Activity
Please quote exactly the lines below from the line containing "Hypothesis X_trifferent : forall" to the line containing "by rewrite subrr mul0r.", both lines included, and nothing else.

*** Opening Given entries ***

Lemma sum_mxtrace_mul_offdiag_le : t2 <= 2 * k%:R.
Proof.
(* tr (B B) = 4 k - 3 t1 + t2 and tr (M B B) = t1 - t2, both nonnegative. *)
set B := M - 2%:M.
have BT : B^T = B.
  by rewrite /B linearB /= tr_scalar_mx /M raddf_sum /=; under eq_bigr do rewrite P_sym.
have trBB : 0 <= \tr (B *m B) by rewrite -{2}BT -/(frob B B) frob_ge0.
have trMBB : 0 <= \tr (M *m (B *m B)).
  have -> : \tr (M *m (B *m B)) = \sum_i frob (P i *m B) (P i *m B).
    rewrite /M mulmx_suml raddf_sum; apply: eq_bigr => i _.
    rewrite /frob trmx_mul BT P_sym mulmxA mxtrace_mulC !mulmxA -(mulmxA B) P_idem.
    by rewrite -(mulmxA B (P i) B) mxtrace_mulC.
  by apply: sumr_ge0 => i _; exact: frob_ge0.
have BB : B *m B = M *m M - 2 *: M - (2 *: M - 2 *: 2%:M).
  by rewrite /B mulmxBl !mulmxBr !mul_mx_scalar mul_scalar_mx.
rewrite BB in trBB trMBB.
have trM : \tr M = t1 by rewrite /M raddf_sum.
move: trBB trMBB; rewrite !mulmxBr -!scalemxAr mul_mx_scalar mulmxA !raddfB /= !mxtraceZ.
rewrite mxtrace_scalar mxtrace_sum_sqr mxtrace_sum_cube trM -mulr_natr; lra.
Qed.

End ProjectionFamily.
Arguments sum_mxtrace_mul_offdiag_le {K k m P}.

Section SubsetSums.
Variables (K : realFieldType) (n : nat).

Lemma prod_1D_subsets (a : 'I_n -> K) :
  \prod_t (1 + a t) = \sum_(S : {set 'I_n}) \prod_(t in S) a t.
Proof.
under eq_bigr do rewrite addrC.
by rewrite bigA_distr; apply: eq_bigr => S _; rewrite [RHS]big_mkcond.
Qed.

Lemma sum_subsets_exp (y : K) : \sum_(S : {set 'I_n}) y ^+ #|S| = (1 + y) ^+ n.
Proof.
rewrite -[n in RHS]card_ord -prodr_const prod_1D_subsets.
by apply: eq_bigr => S _; rewrite prodr_const.
Qed.

Lemma sum_subsets_exp_le k (A : {pred {set 'I_n}}) (y r : K) :
  0 <= y -> 0 < r -> {in A, forall S : {set 'I_n}, r ^+ n <= r ^+ (k * #|S|)} ->
  \sum_(S in A) y ^+ #|S| <= (1 + y * r ^+ k) ^+ n / r ^+ n.
Proof.
move=> y0 r0 rA; have rn0 : 0 < r ^+ n by rewrite exprn_gt0.
have term_ge0 (S : {set 'I_n}) : 0 <= (y * r ^+ k) ^+ #|S| / r ^+ n.
  apply: divr_ge0; apply: exprn_ge0; last exact: ltW.
  by apply: mulr_ge0; rewrite // exprn_ge0 // ltW.
rewrite -sum_subsets_exp mulr_suml.
apply: le_trans (_ : \sum_(S in A) (y * r ^+ k) ^+ #|S| / r ^+ n <= _); last first.
  by rewrite [X in _ <= X](bigID (mem A)) /= lerDl sumr_ge0.
apply: ler_sum => S SA; rewrite ler_pdivlMr // exprMn -exprM.
by apply: ler_wpM2l; [exact: exprn_ge0 | exact: rA].
Qed.

Lemma sum_sparse_subsets_ge : (4/3) ^+ n - (317/240) ^+ n <=
  \sum_(S : {set 'I_n} | (3 * #|S| <= n)%N) 3^-1 ^+ #|S| :> K.
Proof.
have dense_le : \sum_(S : {set 'I_n} | ~~ (3 * #|S| <= n)%N) 3^-1 ^+ #|S|
    <= (317/240) ^+ n :> K.
  have -> : (317/240) ^+ n = (1 + 3^-1 * (5/4) ^+ 3) ^+ n / (5/4) ^+ n :> K.
    by rewrite -expr_div_n; congr (_ ^+ _); rewrite !exprS expr0; field.
  apply: (sum_subsets_exp_le 3); [lra | lra |].
  move=> S; rewrite -topredE /= -ltnNge => /ltnW le_n_3S.
  by apply: ler_weXn2l; first lra.
have total : \sum_(S : {set 'I_n}) 3^-1 ^+ #|S| = (4/3) ^+ n :> K.
  by rewrite sum_subsets_exp; congr (_ ^+ _); field.
by rewrite -total (bigID (fun S : {set 'I_n} => 3 * #|S| <= n)%N) /=; lra.
Qed.

Lemma num_sparse_subsets_le :
  \sum_(S : {set 'I_n} | (3 * #|S| <= n)%N) 1 <= (189/100) ^+ n :> K.
Proof.
have -> : (189/100) ^+ n = (1 + 1 * (4/5) ^+ 3) ^+ n / (4/5) ^+ n :> K.
  by rewrite -expr_div_n; congr (_ ^+ _); rewrite !exprS expr0; field.
under eq_bigr => S _ do rewrite -(expr1n _ #|S|).
apply: (sum_subsets_exp_le 3); [lra | lra |].
by move=> S le_3S_n; apply: ler_wiXn2l; [lra | lra | ].
Qed.

End SubsetSums.

Section TrifferentFamily.
Variables (K : realFieldType) (n m : nat) (X : 'I_m -> 'I_n -> 'rV[K]_3).
Hypothesis X_unit : forall i t, dotr (X i t) (X i t) = 1.
Hypothesis X_trifferent : forall i j l : 'I_m, i != j -> i != l -> j != l ->
  exists t, [/\ dotr (X i t) (X j t) = 0, dotr (X i t) (X l t) = 0 &
                dotr (X j t) (X l t) = 0].

Local Notation c i j t := (dotr (X i t) (X j t)).

Let P i := tensor_mx (fun t => orthoproj (X i t)).

Lemma sum_offdiag_prod_le :
  \sum_i \sum_(j | j != i) \prod_t (1 + c i j t ^+ 2) <= 2 * 3 ^+ n.
Proof.
have P_sym i : (P i)^T = P i.
  by rewrite trmx_tensor; apply: eq_tensor_mx => t; rewrite trmx_orthoproj.
have P_idem i : P i *m P i = P i.
  by rewrite tensor_mxM; apply: eq_tensor_mx => t; rewrite orthoproj_idem.
have P_triple0 i j l : i != j -> i != l -> j != l -> \tr (P i *m P j *m P l) = 0.
  move=> ij il jl; have [t [cij cil cjl]] := X_trifferent _ _ _ ij il jl.
  rewrite !tensor_mxM mxtrace_tensor (bigD1 t) //= mxtrace_orthoproj_orthonormal //.
  by rewrite subrr mul0r.
have trPP i j : \tr (P i *m P j) = \prod_t (1 + c i j t ^+ 2).
  rewrite tensor_mxM mxtrace_tensor; apply: eq_bigr => t _.
  by rewrite mxtrace_orthoproj_mul !X_unit; ring.
under eq_bigr do under eq_bigr do rewrite -trPP.
apply: le_trans (sum_mxtrace_mul_offdiag_le P_sym P_idem P_triple0) _.
by rewrite card_tensor_index natrX.
Qed.

Lemma frame_potential_subset_ge (S : {set 'I_n}) : m%:R ^+ 2 <=
  3 ^+ #|S| * (m%:R + \sum_i \sum_(j | j != i) \prod_(t in S) c i j t ^+ 2).
Proof.
(* Coordinates outside S are replaced by a fixed unit vector, contributing 1. *)
pose e0 : 'rV[K]_3 := delta_mx 0 0.
have e0_unit : dotr e0 e0 = 1 by rewrite /dotr trmx_delta mul_delta_mx mxE.
pose y i t := if t \in S then X i t else e0.
pose Q t := if t \in S then 1%:M else e0^T *m e0.
have frob_Qy i t : frob (Q t) ((y i t)^T *m y i t) = 1.
  rewrite /Q /y; case: (t \in S).
    by rewrite /frob mul1mx mxtrace_tr mxtrace_col_row X_unit.
  by rewrite frob_rank1 e0_unit expr1n.
have frob_QQ : \prod_t frob (Q t) (Q t) = 3 ^+ #|S|.
  rewrite -prodr_const [RHS]big_mkcond /=; apply: eq_bigr => t _; rewrite /Q.
  case: (t \in S); first by rewrite /frob trmx1 mulmx1 mxtrace1.
  by rewrite frob_rank1 e0_unit expr1n.
have gram : \sum_i \sum_j \prod_t dotr (y i t) (y j t) ^+ 2 =
    m%:R + \sum_i \sum_(j | j != i) \prod_(t in S) c i j t ^+ 2.
  rewrite -[m in m%:R]card_ord -sumr_const -big_split /=; apply: eq_bigr => i _.
  rewrite (bigD1 i) //=; congr (_ + _).
    by apply: big1 => t _; rewrite /y; case: (t \in S); rewrite ?X_unit ?e0_unit expr1n.
  apply: eq_bigr => j _; rewrite [RHS]big_mkcond /=; apply: eq_bigr => t _.
  by rewrite /y; case: (t \in S); rewrite ?e0_unit ?expr1n.
by rewrite -frob_QQ -gram; exact: frame_potential_ge.
Qed.

Lemma sum_offdiag_prod_ge :
  \sum_(S : {set 'I_n} | (3 * #|S| <= n)%N) (m%:R ^+ 2 / 3 ^+ #|S| - m%:R) <=
  \sum_i \sum_(j | j != i) \prod_t (1 + c i j t ^+ 2).
Proof.
pose T (S : {set 'I_n}) := \sum_i \sum_(j | j != i) \prod_(t in S) c i j t ^+ 2.
have T_ge0 S : 0 <= T S.
  by do 2![apply: sumr_ge0 => ? _]; apply: prodr_ge0 => t _; exact: sqr_ge0.
have -> : \sum_i \sum_(j | j != i) \prod_t (1 + c i j t ^+ 2) = \sum_(S : {set 'I_n}) T S.
  under eq_bigr do under eq_bigr do rewrite prod_1D_subsets.
  by rewrite exchange_big /=; apply: eq_bigr => S _; rewrite /T exchange_big.
rewrite [X in _ <= X](bigID (fun S : {set 'I_n} => 3 * #|S| <= n)%N) /=.
rewrite -[X in X <= _]addr0 lerD ?sumr_ge0 // ler_sum // => S _.
rewrite lerBlDl ler_pdivrMr ?exprn_gt0 // mulrC.
exact: frame_potential_subset_ge.
Qed.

*** Closing Given entries ***

Response
Hypothesis X_trifferent : forall i j l : 'I_m, i != j -> i != l -> j != l ->
  exists t, [/\ dotr (X i t) (X j t) = 0, dotr (X i t) (X l t) = 0 &
                dotr (X j t) (X l t) = 0].

Local Notation c i j t := (dotr (X i t) (X j t)).

Let P i := tensor_mx (fun t => orthoproj (X i t)).

Lemma sum_offdiag_prod_le :
  \sum_i \sum_(j | j != i) \prod_t (1 + c i j t ^+ 2) <= 2 * 3 ^+ n.
Proof.
have P_sym i : (P i)^T = P i.
  by rewrite trmx_tensor; apply: eq_tensor_mx => t; rewrite trmx_orthoproj.
have P_idem i : P i *m P i = P i.
  by rewrite tensor_mxM; apply: eq_tensor_mx => t; rewrite orthoproj_idem.
have P_triple0 i j l : i != j -> i != l -> j != l -> \tr (P i *m P j *m P l) = 0.
  move=> ij il jl; have [t [cij cil cjl]] := X_trifferent _ _ _ ij il jl.
  rewrite !tensor_mxM mxtrace_tensor (bigD1 t) //= mxtrace_orthoproj_orthonormal //.
  by rewrite subrr mul0r.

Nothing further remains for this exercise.